From the entries underneath, give the number of lines holding the word "rankE", without any other words.

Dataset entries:

--- --- ---

(* Let $(A,m,1,\Delta',\varepsilon,T)$ be a commutative Hopf algebra over a field $k$, with $\Delta'(a)=a_{1'}\otimes a_{2'}$. Assume that $(A,A)$ (both copies being this Hopf algebra) is a Hopf matched pair with coactions $\rho(a)=a_{(-1)}\otimes a_{(0)}$ and $\varphi(a)=a_{[0]}\otimes a_{[1]}$ such that for all $a\in A$ $$a_{1'}\otimes a_{2'}=a_{1'(-1)}a_{2'[0]}\otimes a_{1'(0)}a_{2'[1]}.$$ Then $(A,\Delta,\Delta')$ is a commutative Hopf brace, where the first Hopf algebra structure $(A,m,1,\Delta,\varepsilon,S)$ is given by $$\Delta(a)=a_1\otimes a_2=a_{1'}T(a_{2'(-1)})\otimes a_{2'(0)},\qquad S(a)=a_{(-1)}T(a_{(0)}),$$ for all $a\in A$.
   Context: All objects are over a field $k$. Hopf matched pair: for Hopf algebras $A$ and $H$, a pair $(A,H)$ with linear maps $\rho:A\to H\otimes A$, $\rho(a)=a_{(-1)}\otimes a_{(0)}$, and $\varphi:H\to H\otimes A$, $\varphi(h)=h_{[0]}\otimes h_{[1]}$, such that $(A,\rho)$ is a left $H$-comodule algebra, $(H,\varphi)$ is a right $A$-comodule algebra (coactions are algebra maps), and for all $a\in A,h\in H$ (with comultiplications written $x_1\otimes x_2$): (HM1) $a_{(-1)}\varepsilon_A(a_{(0)})=\varepsilon_A(a)1_H$, $\varepsilon_H(h_{[0]})h_{[1]}=\varepsilon_H(h)1_A$; (HM2) $a_{(-1)}\otimes a_{(0)1}\otimes a_{(0)2}=a_{1(-1)}a_{2(-1)[0]}\otimes a_{1(0)}a_{2(-1)[1]}\otimes a_{2(0)}$; (HM3) $h_{[0]1}\otimes h_{[0]2}\otimes h_{[1]}=h_{1[0]}\otimes h_{1[1](-1)}h_{2[0]}\otimes h_{1[1](0)}h_{2[1]}$; (HM4) $h_{[0]}a_{(-1)}\otimes h_{[1]}a_{(0)}=a_{(-1)}h_{[0]}\otimes a_{(0)}h_{[1]}$. A Hopf brace $(A,\Delta,\Delta')$ consists of an algebra with two Hopf algebra structures $(A,m,1,\Delta,\varepsilon,S)$ and $(A,m,1,\Delta',\epsilon,T)$ such that for all $h$: $h_{1'}\otimes h_{2'1}\otimes h_{2'2}=h_{11'}S(h_2)h_{31'}\otimes h_{12'}\otimes h_{32'}$ (where $\Delta(h)=h_1\otimes h_2$, $\Delta'(h)=h_{1'}\otimes h_{2'}$ and e.g. $h_{31'}$ is $\Delta'$ applied to $h_3$); it is commutative if $A$ is commutative. *)

From HB Require Import structures.
From mathcomp Require Import all_boot all_order all_algebra.
Set Implicit Arguments. Unset Strict Implicit. Unset Printing Implicit Defensive.
Import GRing.Theory.
Local Open Scope ring_scope.
(* The measure $E_2$ is not monogamous. Explicitly: let $\mathcal H^A=\mathbb C^3$, $\mathcal H^B=\mathbb C^4$, $\mathcal H^C=\mathbb C^2$, and let real numbers $a_0,a_1,a_2,a_0',a_1',a_2'\ge 0$ satisfy $a_0^2=a_0'^2\ge \tfrac12$, $a_0>a_1\ge a_2$, $a_0'>a_1'\ge a_2'$, $\sum_i a_i^2=\sum_i a_i'^2=1$, and $a_1'a_2\neq a_1a_2'$. Put $$|\psi_0\rangle^{AB}=a_0|0\rangle|0\rangle+a_1|1\rangle|1\rangle+a_2|2\rangle|2\rangle,\qquad |\psi_1\rangle^{AB}=a_0'|0\rangle|3\rangle+a_1'|1\rangle|2\rangle+a_2'|2\rangle|1\rangle,$$ $$|\Phi\rangle^{ABC}=\tfrac{1}{\sqrt2}\big(|\psi_0\rangle^{AB}|0\rangle^C+|\psi_1\rangle^{AB}|1\rangle^C\big),$$ and let $\rho^{AB}=\mathrm{tr}_C|\Phi\rangle\langle\Phi|$, $\rho^{AC}=\mathrm{tr}_B|\Phi\rangle\langle\Phi|$. Then $E_2(|\Phi\rangle^{A|BC})=E_2(\rho^{AB})=1-a_0^2$, while $E_2(\rho^{AC})>0$ (indeed $\rho^{AC}$ has a non-positive partial transpose).
   Context: For a bipartite pure state $|\psi\rangle\in\mathcal H^{X}\otimes\mathcal H^{Y}$ with Schmidt decomposition $|\psi\rangle=\sum_{j=1}^r\lambda_j|e_j\rangle|f_j\rangle$, $\lambda_1\ge\lambda_2\ge\dots\ge\lambda_r>0$, the partial-norm of entanglement is $E_2(|\psi\rangle)=\sum_{i\ge2}\lambda_i^2=1-\lambda_1^2=1-\|\rho^X\|$, where $\rho^X=\mathrm{tr}_Y|\psi\rangle\langle\psi|$ and $\|\cdot\|$ is the operator norm. For a mixed bipartite state $\rho$, $E_2(\rho)=\min\sum_j p_jE_2(|\psi_j\rangle)$, the minimum over all pure-state decompositions $\rho=\sum_jp_j|\psi_j\rangle\langle\psi_j|$ (convex-roof extension). For a tripartite state, $E(A|BC)$ denotes the measure of the state with respect to the bipartition $A$ versus $BC$, and $E(AB)$, $E(AC)$ denote the measure of the reduced states $\rho^{AB}=\mathrm{tr}_C\rho^{ABC}$, $\rho^{AC}=\mathrm{tr}_B\rho^{ABC}$. A bipartite entanglement measure $E$ is called monogamous if for every tripartite state $\rho^{ABC}$ satisfying the disentangling condition $E(A|BC)=E(AB)$ one has $E(AC)=0$. *)

From HB Require Import structures.
From mathcomp Require Import all_boot all_order all_algebra.
From mathcomp Require Import boolp classical_sets reals.
From mathcomp Require Import complex.
Set Implicit Arguments. Unset Strict Implicit. Unset Printing Implicit Defensive.
Import Order.TTheory GRing.Theory Num.Theory.
Local Open Scope ring_scope.
Local Open Scope complex_scope.
Local Open Scope classical_set_scope.
(* Let $\mathcal F$ be a filtration array, $E=(E_{m,n})_{m,n\in\mathbb N}$ a nonnegative process adapted to $\mathcal F$, and $S=(S_n)_{n\in\mathbb N}$ a process adapted to $\mathcal F_{\infty,\bullet}$. If $E$ has the asymptotic supermartingale property (in $L_1$, for $\mathcal F$, uniformly in $\mathcal P$) and $E$ converges to $S$ in $L_1$ uniformly in $\mathcal P$, then $S$ is a supermartingale for $\mathcal P$ with respect to $\mathcal F_{\infty,\bullet}$.
   Context: $(\Omega,\mathcal A)$ is a measurable space, $\mathcal P$ a set of probability measures on it, $\mathbb N=\{0,1,\dots\}$. A filtration array is a family $(\mathcal F_{m,n})_{m,n\in\mathbb N}$ of sub-$\sigma$-algebras with $\mathcal F_{m,n}\subset\mathcal F_{m+1,n}\cap\mathcal F_{m,n+1}$; $\mathcal F_{\infty,n}:=\sigma(\bigcup_m\mathcal F_{m,n})$. Adapted means $E_{m,n}$ is $\mathcal F_{m,n}$-measurable. For $P\in\mathcal P$, $\delta_{m,n}=\mathbb E_P[E_{m,n+1}\mid\mathcal F_{m,n}]-E_{m,n}$ if $E_{m,n+1}$ is $P$-integrable and $\delta_{m,n}=\infty$ otherwise; $x^+=\max\{x,0\}$. The asymptotic supermartingale property: $\lim_m\sup_{P\in\mathcal P}\mathbb E_P[\delta_{m,n}^+]=0$ for every $n$. $E$ converges to $S$ in $L_1$ uniformly in $\mathcal P$ if all $E_{m,n},S_n$ are $P$-integrable for all $P\in\mathcal P$ and $\lim_m\sup_{P\in\mathcal P}\mathbb E_P[|E_{m,n}-S_n|]=0$ for every $n$. A supermartingale for $\mathcal P$ w.r.t. a filtration $\mathcal G$ is a $\mathcal G$-adapted process with each $S_n$ $P$-integrable and $\mathbb E_P[S_{n+1}\mid\mathcal G_n]\le S_n$ $P$-a.s. for all $P\in\mathcal P$, $n$. *)

From HB Require Import structures.
From mathcomp Require Import all_boot all_order all_algebra.
From mathcomp Require Import all_classical all_reals all_analysis.
Set Implicit Arguments. Unset Strict Implicit. Unset Printing Implicit Defensive.
Import Order.TTheory GRing.Theory Num.Theory.
Local Open Scope classical_set_scope.
Local Open Scope ring_scope.
Lemma sum_mobius_split (V : zmodType) (r : seq nat) (x : nat -> V) :
  \sum_(d <- r) x d *~ mobius d =
  \sum_(d <- r | mobius d == 1) x d - \sum_(d <- r | mobius d == -1) x d.
Proof.
rewrite (bigID (fun d => mobius d == 1)) /=; congr (_ + _).
  by apply: eq_bigr => d /eqP ->.
rewrite (bigID (fun d => mobius d == -1)) /= [X in _ + X]big1 ?addr0.
  rewrite -sumrN; apply: eq_big => [d | d /andP [_ /eqP ->]]; last exact: mulrN1z.
  by case: eqP => // ->.
move=> d /andP [mu_n1 mu_nn1]; case: (eqVneq (mobius d) 0) => [-> | ]; first exact: mulr0z.
by move/mobius_sign; rewrite (negbTE mu_n1) (negbTE mu_nn1).
Qed.

Lemma sum_mobius_lcmn (V : zmodType) n M (F : nat -> V) :
  (0 < n)%N -> (1 < M)%N -> (M %| n)%N ->
  \sum_(d <- divisors n) F (lcmn d M) *~ mobius d = 0.
Proof.
by move=> n_gt0 M_gt1 M_n; rewrite sum_mobius_split (big_mobius_lcmn _ F n_gt0) ?subrr.
Qed.

Definition evC (z : algC) : {rmorphism {poly int} -> algC} :=
  horner_morph (fun c : int => mulrC z c%:~R).

Lemma evC_polyC z c : evC z c%:P = c%:~R.
Proof. exact: horner_morphC. Qed.

Lemma evCE z p : evC z p = (map_poly intr p).[z].
Proof. by []. Qed.

Lemma evC_comp_Xn z p d : evC z (p \Po 'X^d) = evC (z ^+ d) p.
Proof. by rewrite !evCE map_comp_poly horner_comp map_polyXn hornerXn. Qed.

Lemma evC1 p : evC 1 p = p.[1]%:~R.
Proof. by rewrite evCE -(rmorph1 intr) horner_map. Qed.

Lemma evC_qint z n : z ^+ n = 1 -> z != 1 -> evC z (qint n) = 0.
Proof.
move=> zn z_neq1; have := subrX1 z n; rewrite zn subrr => /esym/eqP.
rewrite mulf_eq0 subr_eq0 (negbTE z_neq1) /= => /eqP <-.
by rewrite rmorph_sum; apply: eq_bigr => i _; rewrite rmorphXn /= evCE map_polyX hornerX.
Qed.

Lemma dvdp_sumXn (K : fieldType) n (z : K) (G : {poly K}) :
  n.-primitive_root z -> (forall x, x ^+ n = 1 -> x != 1 -> root G x) ->
  \sum_(i < n) 'X^i %| G.
Proof.
move=> z_prim G_roots.
have Xsub1_neq0 : 'X - 1 != 0 :> {poly K} by rewrite -polyC1 polyXsubC_eq0.
rewrite -(dvdp_mul2l _ _ Xsub1_neq0) -subrX1 -(factor_Xn_sub_1 z_prim).
rewrite -(big_map (fun i => z ^+ i) xpredT (fun x => 'X - x%:P)).
apply: uniq_roots_dvdp.
  apply/allP => _ /mapP [i _ ->]; rewrite /root hornerM hornerXsubC.
  have [-> | zi_neq1] := eqVneq (z ^+ i) 1; first by rewrite subrr mul0r.
  rewrite (eqP (G_roots _ _ zi_neq1)) ?mulr0 //.
  by rewrite -exprM mulnC exprM (prim_expr_order z_prim) expr1n.
rewrite uniq_rootsE map_inj_in_uniq ?iota_uniq // => i j.
rewrite !mem_index_iota => /andP [_ i_lt] /andP [_ j_lt] /eqP.
by rewrite (eq_prim_root_expr z_prim) !modn_small // => /eqP.
Qed.

Lemma dvdp_map_monic (R K : idomainType) (f : {rmorphism R -> K}) (p q : {poly R}) :
  injective f -> q \is monic -> map_poly f q %| map_poly f p -> q %| p.
Proof.
move=> f_inj q_monic fq_fp; have q_neq0 := monic_neq0 q_monic.
have size_f := size_map_inj_poly f_inj (rmorph0 f).
have mod_eq : p %% q = p - p %/ q * q.
  by rewrite {2}(Pdiv.IdomainMonic.divp_eq q_monic p) addrAC subrr add0r.
have fq_fmod : map_poly f q %| map_poly f (p %% q).
  by rewrite mod_eq rmorphB rmorphM /= dvdp_sub // dvdp_mull.
apply: contraTT (ltn_modpN0 p q_neq0) => mod_neq0; rewrite -leqNgt -!size_f.
by apply: dvdp_leq fq_fmod; rewrite -size_poly_eq0 size_f size_poly_eq0.
Qed.

Lemma qint_monic n : (0 < n)%N -> qint n \is monic.
Proof.
move=> n_gt0; have := monic_Xn_sub_1 int n_gt0.
by rewrite subrX1 monicMl // -polyC1 monicXsubC.
Qed.

Lemma map_qint (R : nzRingType) (f : {rmorphism int -> R}) n :
  map_poly f (qint n) = \sum_(i < n) 'X^i.
Proof. by rewrite rmorph_sum; apply: eq_bigr => i _; rewrite rmorphXn /= map_polyX. Qed.
(* Let $n\ge1$, $r>0$, let $\lambda_1<\lambda_2<\cdots$ be the positive roots of $J_{n/2}$, and define $u_{2j-1}=u_{2j}=-\left(\frac{\lambda_j}{\pi r}\right)^2$ for $j\ge1$. Then there is a constant $C$ (depending on $n$ and $r$ only) such that for all $1\le M\le\infty$, all integers $0\le k<M$, and all $z=x\pm ix$ with $x<0$, \[ \prod_{j=k+1}^M\frac{1}{|1-z/u_j|^2}\le C^{\sqrt{|x|}}. \]
   Context: $J_{n/2}$ is the Bessel function of the first kind of order $n/2$. For $M=\infty$ the product is the infinite product over $j\ge k+1$. *)

From Stdlib Require Import Reals Arith Factorial ClassicalEpsilon.
Open Scope R_scope.

(* gamma_half k = Gamma(k/2) for k >= 1, via Gamma(1/2)=sqrt pi, Gamma(1)=1,
   Gamma(s+1) = s Gamma(s).  (gamma_half 0 is a junk value.) *)
Fixpoint gamma_half (k : nat) : R :=
  match k with
  | O => 0
  | S O => sqrt PI
  | S (S O) => 1
  | S (S k' as k1) => (INR k' / 2) * gamma_half k'
  end.

(* m-th term of the series of J_{n/2}(t) (t > 0):
   (-1)^m / (m! Gamma(m + n/2 + 1)) * (t/2)^(2m + n/2). *)
Definition bessel_term (n : nat) (t : R) (m : nat) : R :=
  (-1) ^ m / (INR (fact m) * gamma_half (2 * m + n + 2))
  * Rpower (t / 2) (INR (2 * m) + INR n / 2).

Definition bessel_J_half (n : nat) (t : R) : R :=
  epsilon (inhabits 0) (fun l => infinite_sum (bessel_term n t) l).

(* |1 - z/u|^2 for z = a + i b and u a nonzero real number. *)
Definition abs2_one_minus_div (a b u : R) : R :=
  (1 - a / u) ^ 2 + (b / u) ^ 2.
(* Let $(P_n)$ be a sequence of finite posets. Then the following are equivalent: (i) $t(Q,P_n)$ converges for every poset $Q\in\mathcal P$, and $|P_n|$ converges to some limit in $\mathbb N\cup\{\infty\}$; (ii) $t_{\mathrm{inj}}(Q,P_n)$ converges for every $Q\in\mathcal P$; (iii) $t_{\mathrm{ind}}(Q,P_n)$ converges for every $Q\in\mathcal P$; (iv) $t(F,P_n)$ converges for every digraph $F\in\mathcal D$, and $|P_n|$ converges to some limit in $\mathbb N\cup\{\infty\}$; (v) $t_{\mathrm{inj}}(F,P_n)$ converges for every $F\in\mathcal D$; (vi) $t_{\mathrm{ind}}(F,P_n)$ converges for every $F\in\mathcal D$.
   Context: A digraph has a vertex set $V$ and edge set $E\subseteq V\times V$ (loops allowed); $\mathcal D$ is the set of isomorphism classes of finite nonempty digraphs. A poset (nonempty set with strict partial order $<$) is regarded as the digraph with an edge $i\to j$ iff $i<j$; $\mathcal P\subset\mathcal D$ is the set of isomorphism classes of finite nonempty posets. For finite digraphs $F,G$: $t(F,G)$ is the proportion of all maps $\varphi:V(F)\to V(G)$ that are homomorphisms ($i\to j$ in $F$ implies $\varphi(i)\to\varphi(j)$ in $G$); $t_{\mathrm{inj}}(F,G)$ is the proportion of injective maps that are homomorphisms; $t_{\mathrm{ind}}(F,G)$ is the proportion of injective maps $\varphi$ with ($i\to j$ in $F$ iff $\varphi(i)\to\varphi(j)$ in $G$) for all $i,j$; if $|F|>|G|$, $t_{\mathrm{inj}}(F,G)=t_{\mathrm{ind}}(F,G)=0$. For posets these coincide with the poset versions. *)

From Stdlib Require Import Reals.
From mathcomp Require Import all_boot.
Set Implicit Arguments. Unset Strict Implicit. Unset Printing Implicit Defensive.
Lemma max_correctable_union E' I : max_correctable a b 0 E' -> I \subset ~: E' ->
  max_correctable a b #|I| (E' :|: I).
Proof.
case=> corE' maxE' sIE'.
have [F [G1 [G2 [free1 free2 rankE']]]] := correctable_rank_bound corE'.
have [B sBE' [freeB rkB]] := exists_free_subset (eval_vec G1 G2) (~: E').
have cardB : #|B| = r.
  apply/eqP; rewrite -freeB rkB eqn_leq rank_leq_col.
  by rewrite addn0 in rankE'.
have defE' : ~: B = E'.
  apply: maxE'; first exact: (max_correctable0_compl_basis free1 free2 freeB cardB).1.
  by rewrite subsetC.
apply: max_correctable_of_card.
  by apply: correctable_of_spanning free1 free2 _; rewrite -rkB freeB.
have E'I0 : E' :&: I = set0.
  by apply/disjoint_setI0; rewrite disjoint_sym disjoints_subset.
have := cardsUI E' I; rewrite E'I0 cards0 addn0 => ->.
by have := cardsC B; rewrite card_prod !card_ord cardB defE' => <-; rewrite [leqRHS]addnC addnA.
Qed.

End Topology.

Theorem theorem2 (m n a b h : nat) :
  (a < m)%N -> (b < n)%N ->
  (h <= (m - a) * (n - b) - maxn (m - a) (n - b))%N ->
  forall E : {set 'I_m * 'I_n},
    max_correctable a b h E <->
    exists E' : {set 'I_m * 'I_n}, exists I : {set 'I_m * 'I_n},
      [/\ max_correctable a b 0 E', I \subset ~: E', #|I| = h & E = E' :|: I].
Proof.
(* Only h <= (m - a) * (n - b) is needed. *)
move=> _ _ /leq_trans/(_ (leq_subr _ _)) leHr E; split.
- case=> corE maxE.
  have [E' [I [maxE' sIE' cardI corE'I sEE'I]]] := correctable_sub_max_union corE leHr.
  by exists E', I; split => //; apply/esym/maxE.
- case=> E' [I [maxE' sIE' <- ->]].
  exact: max_correctable_union.
Qed.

--- --- ---

§ **Written response**
2